Comparing simple tokenization vs. advanced preprocessing:

In [None]:
# Installment and load of spaCy
import sys
import subprocess

# Install spaCy model if not already installed
try:
    import spacy
    nlp = spacy.load("en_core_web_sm")
    print("spaCy model already loaded")
except:
    print("Downloading spaCy model...")
    subprocess.run([sys.executable, "-m", "pip", "install", "spacy"])
    subprocess.run([sys.executable, "-m", "spacy", "download", "en_core_web_sm"])
    import spacy
    nlp = spacy.load("en_core_web_sm")
    print("spaCy model installed and loaded")

spaCy model already loaded


In [6]:
import spacy
import re

# Load spaCy model (disable parser for speed, keep tagger & lemmatizer)
nlp = spacy.load("en_core_web_sm", disable=["parser", "ner"])

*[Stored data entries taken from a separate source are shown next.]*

(* The normalisation turning Motzkin weights into an eigenvector of tw:
   nu_j(c) = [c+1]! / ((1+q)^j q^C(c+1,2)). *)
Definition nu (j c : nat) : F := qfact q c.+1 / ((1 + q) ^+ j * q ^+ 'C(c.+1, 2)).

Lemma nuS j c : nu j.+1 c = nu j c / (1 + q).
Proof. by rewrite /nu exprS -[(1 + q) * _ * _]mulrA invfM mulrA mulrAC. Qed.

Lemma tw_down_nu j a : tw a.+1 a * nu j a = lam q a.+1 * nu j.+1 a.+1.
Proof.
rewrite tw_down /lam /nu !qfactS !binS !bin1 !bin0 !exprD qint2 !exprS.
by field; rewrite ?q_neq0 ?onep_neq0 ?expq_neq0 ?exp_onep_neq0 ?qfact_neq0 ?qint_neq0.
Qed.

Lemma tw_diag_nu j a : tw a a * nu j a = mu q a * nu j.+1 a.
Proof. by rewrite tw_diag /mu nuS; field; rewrite onep_neq0. Qed.

Lemma tw_up_nu j a : tw a a.+1 * nu j a.+1 = rho q a.+1 * nu j.+1 a.
Proof.
rewrite tw_up /rho /nu !qfactS !binS !bin1 !bin0 !exprD qint2 !exprS.
by field; rewrite ?q_neq0 ?onep_neq0 ?expq_neq0 ?exp_onep_neq0 ?qfact_neq0 ?qint_neq0.
Qed.

(* One step of the transfer matrix maps nu_j * motzkin_j to nu_(j+1) * motzkin_(j+1):
   this is the Motzkin recurrence in disguise. *)
Lemma transfer_step j a B : (j < B)%N ->
  \sum_(c < B) tw a c * (nu j c * motzkin q j c) = nu j.+1 a * motzkin q j.+1 a.
Proof.
move=> HjB; pose g a' c := tw a' c * (nu j c * motzkin q j c).
have Hsupp a' c : (B <= c)%N -> g a' c = 0.
  by move=> Hc; rewrite /g motzkin_gt ?mulr0 //; apply: leq_trans Hc.
have Hfar a' c : (a'.+1 < c)%N || (c.+1 < a')%N -> g a' c = 0.
  by move=> Hc; rewrite /g tw_far // mul0r.
change (\sum_(c < B) g a c = nu j.+1 a * motzkin q j.+1 a).
case: a => [|a].
  rewrite (sum_window (lo := 0) (hi := 2) _ (Hsupp 0)) // => [|c Hc]; last first.
    by apply: Hfar; case/orP: Hc => // ->.
  rewrite big_ltn // big_nat1 /g !(mulrA (tw _ _) (nu _ _)) tw_diag_nu tw_up_nu /=.
  by rewrite lam0 mul0r add0r; ring.
have Ha3 : (a <= a.+3)%N by rewrite !leqW.
rewrite (sum_window (lo := a) (hi := a.+3) Ha3 (Hsupp a.+1)) // => [|c Hc]; last first.
  by apply: Hfar; lia.
rewrite big_nat3 /g !(mulrA (tw _ _) (nu _ _)) tw_down_nu tw_diag_nu tw_up_nu /=.
by ring.
Qed.

(* Weighted sum over paths a = f_0, f_1, ..., f_m, f_(m+1) = 0 with heights in [0, B). *)
Definition path_sum (B m a : nat) : F :=
  \sum_(f : m.-tuple 'I_B)
    \prod_(0 <= k < m.+1) tw (nth 0%N (a :: map val f) k) (nth 0%N (a :: map val f) k.+1).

def preprocess_text(text, keep_stopwords=False, keep_pos=None, remove_punct=True):
    """
    Advanced text preprocessing using spaCy.
    
    Parameters:
    -----------
    text : str
        Input text to preprocess
    keep_stopwords : bool
        If False, remove stopwords (the, is, a, etc.)
    keep_pos : set or None
        Filter by part-of-speech tags (e.g., {"NOUN", "VERB", "ADJ"})
    remove_punct : bool
        Whether to remove punctuation tokens
    
    Returns:
    --------
    list : Normalized tokens (lemmas)
    """
    # Basic normalization
    text = text.strip()
    # Remove extra whitespace
    text = re.sub(r'\s+', ' ', text)
    
    # Process with spaCy
    doc = nlp(text)
    tokens = []
    
    for token in doc:
        # Skip punctuation if requested
        if remove_punct and token.is_punct:
            continue
        
        # Handle numbers
        if token.like_num:
            tokens.append("<NUM>")
            continue
        
        # Remove stopwords if requested
        if not keep_stopwords and token.is_stop:
            continue
        
        # Filter by POS tag if specified
        if keep_pos and token.pos_ not in keep_pos:
            continue
        
        # Get lemma (base form) and lowercase it
        lemma = token.lemma_.lower()
        
        # Strip any residual punctuation at edges
        lemma = re.sub(r'^\W+|\W+$', '', lemma)
        
        if lemma:
            tokens.append(lemma)
    
    return tokens

# Demonstration examples
print("=" * 70)
print("SIMPLE vs ADVANCED PREPROCESSING COMPARISON")
print("=" * 70)

test_sentences = [
    "She didn't believe the rumor, yet she felt uneasy.",
    "The world's best doctors assess patients' symptoms.",
    "It's a well-known fact that hard-working people succeed.",
    "I'll be there by 5:30 PM on 12/25/2024."
]

for sent in test_sentences:
    print(f"\n Original: {sent}")
    print(f"   Simple:   {sent.lower().split()}")
    print(f"   Advanced: {preprocess_text(sent, keep_stopwords=False)}")
    print(f"   With POS: {preprocess_text(sent, keep_pos={'NOUN', 'VERB', 'ADJ'})}")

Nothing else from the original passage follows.